** Opening LISTED ENTRIES block **

Lemma ampliate_comp k n m q (f : 'M[C]_m -> 'M[C]_q) (g : 'M[C]_n -> 'M[C]_m) X :
  ampliate (k:=k) (f \o g) X = ampliate (k:=k) f (ampliate (k:=k) g X).
Proof. by apply/matrixP=> i j; rewrite !mxE mxblock_of_ampliate. Qed.

Lemma completely_positive_comp n m q (f : 'M[C]_m -> 'M[C]_q) (g : 'M[C]_n -> 'M[C]_m) :
  completely_positive f -> completely_positive g -> completely_positive (f \o g).
Proof. by move=> f_cp g_cp k X X_psd; rewrite ampliate_comp; apply/f_cp/g_cp. Qed.

Definition kraus (T : finType) m n (K : T -> 'M[C]_(m, n)) (X : 'M[C]_n) : 'M[C]_m :=
  \sum_t K t *m X *m adjmx (K t).

Lemma kraus_linear (T : finType) m n (K : T -> 'M[C]_(m, n)) : is_linear (kraus K).
Proof.
move=> a X Y; rewrite /kraus scaler_sumr -big_split /=; apply: eq_bigr => t _.
by rewrite mulmxDr mulmxDl -scalemxAr -scalemxAl.
Qed.

Lemma kraus_tens (T T' : finType) m n p q (F : T -> 'M[C]_(m, n)) (L : T' -> 'M[C]_(p, q))
    (A : 'M[C]_n) (B : 'M[C]_q) :
  kraus (fun ts : T * T' => F ts.1 *t L ts.2) (A *t B) = kraus F A *t kraus L B.
Proof.
rewrite /kraus tensmx_suml; under [RHS]eq_bigr do rewrite tensmx_sumr.
by rewrite pair_bigA; apply: eq_bigr => -[t s] _; rewrite adjmx_tens !tensmx_mul.
Qed.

** Closing LISTED ENTRIES block **

-- TASK BRIEF --
Copy each line of the material exactly as written.

-- EXERCISE SOLUTION --
Lemma ampliate_comp k n m q (f : 'M[C]_m -> 'M[C]_q) (g : 'M[C]_n -> 'M[C]_m) X :
  ampliate (k:=k) (f \o g) X = ampliate (k:=k) f (ampliate (k:=k) g X).
Proof. by apply/matrixP=> i j; rewrite !mxE mxblock_of_ampliate. Qed.

Lemma completely_positive_comp n m q (f : 'M[C]_m -> 'M[C]_q) (g : 'M[C]_n -> 'M[C]_m) :
  completely_positive f -> completely_positive g -> completely_positive (f \o g).
Proof. by move=> f_cp g_cp k X X_psd; rewrite ampliate_comp; apply/f_cp/g_cp. Qed.

Definition kraus (T : finType) m n (K : T -> 'M[C]_(m, n)) (X : 'M[C]_n) : 'M[C]_m :=
  \sum_t K t *m X *m adjmx (K t).

Lemma kraus_linear (T : finType) m n (K : T -> 'M[C]_(m, n)) : is_linear (kraus K).
Proof.
move=> a X Y; rewrite /kraus scaler_sumr -big_split /=; apply: eq_bigr => t _.
by rewrite mulmxDr mulmxDl -scalemxAr -scalemxAl.
Qed.

Lemma kraus_tens (T T' : finType) m n p q (F : T -> 'M[C]_(m, n)) (L : T' -> 'M[C]_(p, q))
    (A : 'M[C]_n) (B : 'M[C]_q) :
  kraus (fun ts : T * T' => F ts.1 *t L ts.2) (A *t B) = kraus F A *t kraus L B.
Proof.
rewrite /kraus tensmx_suml; under [RHS]eq_bigr do rewrite tensmx_sumr.
by rewrite pair_bigA; apply: eq_bigr => -[t s] _; rewrite adjmx_tens !tensmx_mul.
Qed.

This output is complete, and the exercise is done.